== Segment start ==

(* Assume $N\ge2$, $\mathcal{G}_u$ connected and Assumption 1. Let $A=[A_1;A_2]\in\mathbb{R}^{4EM\times NM}$ and $B=[-I_{2EM};-I_{2EM}]$, $f(x)=\sum_i f_i(x_i)$. Consider the iteration: given $x^0\in\mathbb{R}^{NM}$, set $x^0_{[Q]}=Q(x^0)$, $z_Q^0=\tfrac12M_+^Tx^0_{[Q]}$, and $\lambda_Q^0=[\beta_Q^0;\gamma_Q^0]$ with $\gamma_Q^0=-\beta_Q^0$; for $k\ge0$ let $x^{k+1}$ be the minimizer of $f(x)+(\lambda_Q^k)^T(Ax+Bz_Q^k)+\tfrac{\rho}{2}\|Ax+Bz_Q^k\|_2^2$, $x^{k+1}_{[Q]}=Q(x^{k+1})$, $z_Q^{k+1}$ the solution of $B^T\lambda_Q^k+\rho B^T(Ax^{k+1}_{[Q]}+Bz_Q^{k+1})=0$, and $\lambda_Q^{k+1}=\lambda_Q^k+\rho(Ax^{k+1}_{[Q]}+Bz_Q^{k+1})$, where $\lambda_Q^k=[\beta_Q^k;\gamma_Q^k]$ with $\beta_Q^k,\gamma_Q^k\in\mathbb{R}^{2EM}$. Then for all $k\ge0$: $\gamma_Q^k=-\beta_Q^k$, $z_Q^k=\tfrac12M_+^Tx^k_{[Q]}$, and, with $\alpha_Q^k:=M_-\beta_Q^k$, the pair $(x^k,\alpha_Q^k)$ satisfies $0\in\partial f(x^{k+1})+2\rho Wx^{k+1}+\alpha_Q^k-\rho L_+x^k_{[Q]}$ and $\alpha_Q^{k+1}=\alpha_Q^k+\rho L_-x^{k+1}_{[Q]}$; that is, it coincides with the QC-ADMM iteration started from $x^0$ and $\alpha_Q^0=M_-\beta_Q^0$.
   Context: Network and matrices: $\mathcal{G}_u$ is an undirected graph with vertices $\{1,\dots,N\}$ and $E$ edges; $\mathcal{N}_i$ is the neighbor set of $i$. Each edge $\{i,j\}$ gives arcs $(i,j),(j,i)$, enumerated $q=1,\dots,2E$. Fix $M\ge1$. $A_1,A_2\in\mathbb{R}^{2EM\times NM}$ consist of $2E\times N$ blocks of size $M\times M$: if arc $q$ is $(i,j)$, the $(q,i)$ block of $A_1$ and the $(q,j)$ block of $A_2$ are $I_M$, other blocks zero. $M_+=A_1^T+A_2^T$, $M_-=A_1^T-A_2^T$, $L_+=\tfrac12M_+M_+^T$, $L_-=\tfrac12M_-M_-^T$, and $W$ is block diagonal with $i$th diagonal block $|\mathcal{N}_i|I_M$. Vectors in $\mathbb{R}^{NM}$ are $x=[x_1;\dots;x_N]$, $x_i\in\mathbb{R}^M$. Assumption 1: each $f_i:\mathbb{R}^M\to\mathbb{R}\cup\{\infty\}$ is proper, closed and convex, has a subgradient wherever finite, and $\min\sum_if_i$ is attained. Quantizer: $\Delta>0$; the scalar rounding quantizer is $Q(y)=t\Delta$ if $(t-\tfrac12)\Delta\le y<(t+\tfrac12)\Delta$, $t\in\mathbb{Z}$; for vectors it acts entrywise, and $w_{[Q]}=Q(w)$. $\rho>0$ is fixed. *)

From HB Require Import structures.
From mathcomp Require Import all_boot all_order all_algebra.
Set Implicit Arguments. Unset Strict Implicit. Unset Printing Implicit Defensive.
Import Order.TTheory GRing.Theory Num.Theory.
Local Open Scope ring_scope.

Inductive ext (R : Type) := Fin of R | PInf.
Arguments PInf {R}.

Definition ele (R : numDomainType) (a b : ext R) : Prop :=
  match a, b with
  | Fin x, Fin y => x <= y
  | _, PInf => True
  | PInf, Fin _ => False
  end.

== Segment end ==

| Exercise prompt |
The complete listing, from first line to last, should be copied verbatim.

| Written response |
(* Assume $N\ge2$, $\mathcal{G}_u$ connected and Assumption 1. Let $A=[A_1;A_2]\in\mathbb{R}^{4EM\times NM}$ and $B=[-I_{2EM};-I_{2EM}]$, $f(x)=\sum_i f_i(x_i)$. Consider the iteration: given $x^0\in\mathbb{R}^{NM}$, set $x^0_{[Q]}=Q(x^0)$, $z_Q^0=\tfrac12M_+^Tx^0_{[Q]}$, and $\lambda_Q^0=[\beta_Q^0;\gamma_Q^0]$ with $\gamma_Q^0=-\beta_Q^0$; for $k\ge0$ let $x^{k+1}$ be the minimizer of $f(x)+(\lambda_Q^k)^T(Ax+Bz_Q^k)+\tfrac{\rho}{2}\|Ax+Bz_Q^k\|_2^2$, $x^{k+1}_{[Q]}=Q(x^{k+1})$, $z_Q^{k+1}$ the solution of $B^T\lambda_Q^k+\rho B^T(Ax^{k+1}_{[Q]}+Bz_Q^{k+1})=0$, and $\lambda_Q^{k+1}=\lambda_Q^k+\rho(Ax^{k+1}_{[Q]}+Bz_Q^{k+1})$, where $\lambda_Q^k=[\beta_Q^k;\gamma_Q^k]$ with $\beta_Q^k,\gamma_Q^k\in\mathbb{R}^{2EM}$. Then for all $k\ge0$: $\gamma_Q^k=-\beta_Q^k$, $z_Q^k=\tfrac12M_+^Tx^k_{[Q]}$, and, with $\alpha_Q^k:=M_-\beta_Q^k$, the pair $(x^k,\alpha_Q^k)$ satisfies $0\in\partial f(x^{k+1})+2\rho Wx^{k+1}+\alpha_Q^k-\rho L_+x^k_{[Q]}$ and $\alpha_Q^{k+1}=\alpha_Q^k+\rho L_-x^{k+1}_{[Q]}$; that is, it coincides with the QC-ADMM iteration started from $x^0$ and $\alpha_Q^0=M_-\beta_Q^0$.
   Context: Network and matrices: $\mathcal{G}_u$ is an undirected graph with vertices $\{1,\dots,N\}$ and $E$ edges; $\mathcal{N}_i$ is the neighbor set of $i$. Each edge $\{i,j\}$ gives arcs $(i,j),(j,i)$, enumerated $q=1,\dots,2E$. Fix $M\ge1$. $A_1,A_2\in\mathbb{R}^{2EM\times NM}$ consist of $2E\times N$ blocks of size $M\times M$: if arc $q$ is $(i,j)$, the $(q,i)$ block of $A_1$ and the $(q,j)$ block of $A_2$ are $I_M$, other blocks zero. $M_+=A_1^T+A_2^T$, $M_-=A_1^T-A_2^T$, $L_+=\tfrac12M_+M_+^T$, $L_-=\tfrac12M_-M_-^T$, and $W$ is block diagonal with $i$th diagonal block $|\mathcal{N}_i|I_M$. Vectors in $\mathbb{R}^{NM}$ are $x=[x_1;\dots;x_N]$, $x_i\in\mathbb{R}^M$. Assumption 1: each $f_i:\mathbb{R}^M\to\mathbb{R}\cup\{\infty\}$ is proper, closed and convex, has a subgradient wherever finite, and $\min\sum_if_i$ is attained. Quantizer: $\Delta>0$; the scalar rounding quantizer is $Q(y)=t\Delta$ if $(t-\tfrac12)\Delta\le y<(t+\tfrac12)\Delta$, $t\in\mathbb{Z}$; for vectors it acts entrywise, and $w_{[Q]}=Q(w)$. $\rho>0$ is fixed. *)

From HB Require Import structures.
From mathcomp Require Import all_boot all_order all_algebra.
Set Implicit Arguments. Unset Strict Implicit. Unset Printing Implicit Defensive.
Import Order.TTheory GRing.Theory Num.Theory.
Local Open Scope ring_scope.

Inductive ext (R : Type) := Fin of R | PInf.
Arguments PInf {R}.

Definition ele (R : numDomainType) (a b : ext R) : Prop :=
  match a, b with
  | Fin x, Fin y => x <= y
  | _, PInf => True
  | PInf, Fin _ => False
  end.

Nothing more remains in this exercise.